Set your eyes SE at 21:00 local time for our last installment of the Winter sky. As of today, the near-full moon is in Cancer blotting out many of the dimmer stars. You may want to wait until the 15th of January when the moon is below the horizon to see some of what I’m writing about today. Locate our red friend Betelgeuse (alpha Ori) as your starting point. From there, tonight’s journey will take us to the charioteer, the twins, and the unicorn.
Need a ride?
From Betelgeuse, look north (up) and east (left). The 0.05 magnitude star you’ll run into is Capella (alpha Aur). The constellation Auriga is derived from the Latin word for “charioteer” or, in modern terms, “chauffeur.” Auriga’s ring of stars is supposed to represent the charioteer’s helmet.
Capella is a quadruple stars system about 42 light-years from earth. The two primary stars are type G giants and are accompanied by two red dwarfs. For sci-fi and Star Trek fans, Capella is the fictional setting for “Friday’s Child,” a season-two episode of the original Star Trek series which first aired 1 Dec 1967.
Just down and to the left of Capella, you’ll run into Menkalinan (Beta Aur. Menkalinan is a 1.90 magnitude trinary system with two white sub-giants and a red dwarf all about 85 light-years from earth.
Gemini a naked-eye dream
Let’s return to Betelgeuse base and draw a mental line due east (left). The first bright start we encounter is Alhena (gamma Gem). Continue along your mental straight line to find Pollux. Pollux (beta Gem) breaks the tradition of designating the brightest star in a constellation “alpha” since it’s brother Castor (alpha Gem) bears that distinction. Castor is the bright star right above Pollux. These two stars are the traditional twins, but astronomically-speaking, they have little in common. Castor is a 6-star system made up of blue A-type stars and red dwarfs. Pollux is a single, yellow-orange K-type giant. Pollux’s has a radius almost nine times that of our sun’s. It also has a planet, designated Pollux-b with a mass about 2.3 times that of Jupiter’s, orbiting every 590 days. Pollux-b was discovered in June 2006 so don’t say there is nothing new in astronomy.
The stars of Gemini range about 30 light-years to 1100 light-years from earth. With twelve stars brighter than 4 magnitude, Gemini is a naked-eye dream. It is the exact opposite of our next destination.

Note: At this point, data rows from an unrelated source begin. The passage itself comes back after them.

Definition is_subspace (k : fieldType) (L : lmodType k) (P : L -> Prop) : Prop :=
  [/\ P 0, (forall x y, P x -> P y -> P (x + y)) & (forall (c : k) x, P x -> P (c *: x))].

(* The grading: Lg a l is the homogeneous subspace L_a^l (a in X, l in Lambda =
   Z^n); components with a outside Q are required to be zero, so this is a
   Q x Lambda grading. *)
Definition is_QL_grading (k : fieldType) (d n : nat) (D : seq 'rV[k]_d)
  (L : lmodType k) (br : L -> L -> L)
  (Lg : 'rV[k]_d -> 'rV[int]_n -> L -> Prop) : Prop :=
  [/\ (forall a l, is_subspace (Lg a l)),
      (forall a l x, Lg a l x -> x != 0 -> inQ D a),
      (forall x : L, exists (s : seq ('rV[k]_d * 'rV[int]_n)) (f : 'rV[k]_d * 'rV[int]_n -> L),
           (forall i, Lg i.1 i.2 (f i)) /\ x = \sum_(i <- s) f i),
      (forall (s : seq ('rV[k]_d * 'rV[int]_n)) (f : 'rV[k]_d * 'rV[int]_n -> L),
           uniq s -> (forall i, Lg i.1 i.2 (f i)) -> \sum_(i <- s) f i = 0 ->
           forall i, i \in s -> f i = 0) &
      (forall a b l m x y, Lg a l x -> Lg b m y -> Lg (a + b) (l + m) (br x y))].

Definition Lroot (k : fieldType) (d n : nat) (L : lmodType k)
  (Lg : 'rV[k]_d -> 'rV[int]_n -> L -> Prop) (a : 'rV[k]_d) (x : L) : Prop :=
  exists (s : seq 'rV[int]_n) (f : 'rV[int]_n -> L),
    (forall l, Lg a l (f l)) /\ x = \sum_(l <- s) f l.

Definition Ldeg (k : fieldType) (d n : nat) (L : lmodType k)
  (Lg : 'rV[k]_d -> 'rV[int]_n -> L -> Prop) (l : 'rV[int]_n) (x : L) : Prop :=
  exists (s : seq 'rV[k]_d) (f : 'rV[k]_d -> L),
    (forall a, Lg a l (f a)) /\ x = \sum_(a <- s) f a.

Definition is_lie_torus (k : fieldType) (d n : nat) (D : seq 'rV[k]_d)
  (cor : 'rV[k]_d -> 'cV[k]_d) (L : lmodType k) (br : L -> L -> L)
  (Lg : 'rV[k]_d -> 'rV[int]_n -> L -> Prop) : Prop :=
  is_QL_grading D br Lg /\
  [/\
      (forall a, inQ D a -> ((exists x, Lroot Lg a x /\ x != 0) <-> a \in D)),
      (forall a, in_Dx_ind D a -> exists x, Lg a 0 x /\ x != 0),
      (forall a l, in_Dx D a -> (exists x, Lg a l x /\ x != 0) ->
         exists e f, [/\ Lg a l e, Lg (- a) (- l) f,
            (forall z, Lg a l z <-> exists c : k, z = c *: e),
            (forall z, Lg (- a) (- l) z <-> exists c : k, z = c *: f) &
            (forall b z, inQ D b -> Lroot Lg b z -> br (br e f) z = pairing cor b a *: z)]),
      (forall P : L -> Prop, is_subspace P -> (forall x y, P x -> P y -> P (br x y)) ->
         (forall a x, in_Dx D a -> Lroot Lg a x -> P x) -> forall x, P x) &
      (forall m : 'rV[int]_n, exists (s : seq 'rV[int]_n) (c : 'rV[int]_n -> int),
         (forall l, l \in s -> exists x, Ldeg Lg l x /\ x != 0) /\
         m = \sum_(l <- s) l *~ c l)].

(* Decompose x = sum_l x_l and y = sum_m y_m into their Lambda-homogeneous
   components, with supports S and T.  An sl2 argument shows [x_l, y_m] <> 0
   for all nonzero x_l in L_alpha^l and y_m in L_-alpha^m: if e spans
   L_alpha^l and [e, y_m] = 0, the vectors (ad f)^j y_m would span an infinite
   alpha-string of root spaces.  Fix an additive f : Lambda -> Z injective on
   S and T.  If l1 and m1 are f-maximal in S and T, then (l1, m1) is the only
   pair with sum l1 + m1, so the L^(l1+m1)-component of [x, y] is
   [x_l1, y_m1] <> 0; as [x, y] lies in L_0^0, this forces l1 + m1 = 0.  The
   same holds for the f-minimal pair, and together the two equalities squeeze
   S and T to single points. *)

From HB Require Import structures.
From mathcomp Require Import all_boot all_order all_algebra.
From mathcomp Require Import zify.
Set Implicit Arguments. Unset Strict Implicit. Unset Printing Implicit Defensive.
Import Order.TTheory GRing.Theory Num.Theory.
Local Open Scope ring_scope.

Dim, lonely Monoceros’ secrets
Monoceros, the unicorn, lies south of Gemini between the dogs. From Betelgeuse, trace a triangle down to Sirius and left to Procyon. The seemingly empty space of that region is the constellation Monoceros. The unicorn is outlined by stars not much brighter than a 4 magnitude which makes it difficult to see with the moon nearby or from any lighted population centers. Monoceros is indeed one of the least favorite naked-eye destination. Even with a good telescope it doesn’t give up its secrets easily. But the wonders are there.
Beta Monoceros, a 4.60 magnitude neighbor eclipsed by its proximity to Sirius, is a beautiful trinary system which appears fixed from earth. It consists of three B type stars nearly 700 light-years away. In 1781, William Herschel took the first close look at Beta Mon and declared it “one of the most beautiful sights in the heaven.”
Alpha Monoceros is located about halfway between Sirius and Procyon (and slightly south). It is a G type star not very different from our own sun. If you can see it, you’re getting a good idea how our own sun looks from 144 light-years away, small, dim, and unassuming. I wonder if someone on a planet around Alpha Monoceros is starring back.
There is one last, non-naked-eye object in the unicorn. At magnitude 15.74, V838 is invisible to all but the best telescopes. About 20,000 light-years from earth, V838 went unnoticed until 2002 when it underwent a violent outburst. Originally thought to be going nova, astronomers have since put forth several non-nova theories about its sudden activity. One theory involves a star on its last leg. Another theory speculates that two stars are colliding. Regardless of which is right, the Hubble telescope image of the star is a thing of beauty.
This concludes our tour of the winter sky, my favorite part of the night sky. Hopefully, I’ll return to the old blog with something new from Associated Content this week. Until then, take something hot to drink when you go out under the wonderful winter sky.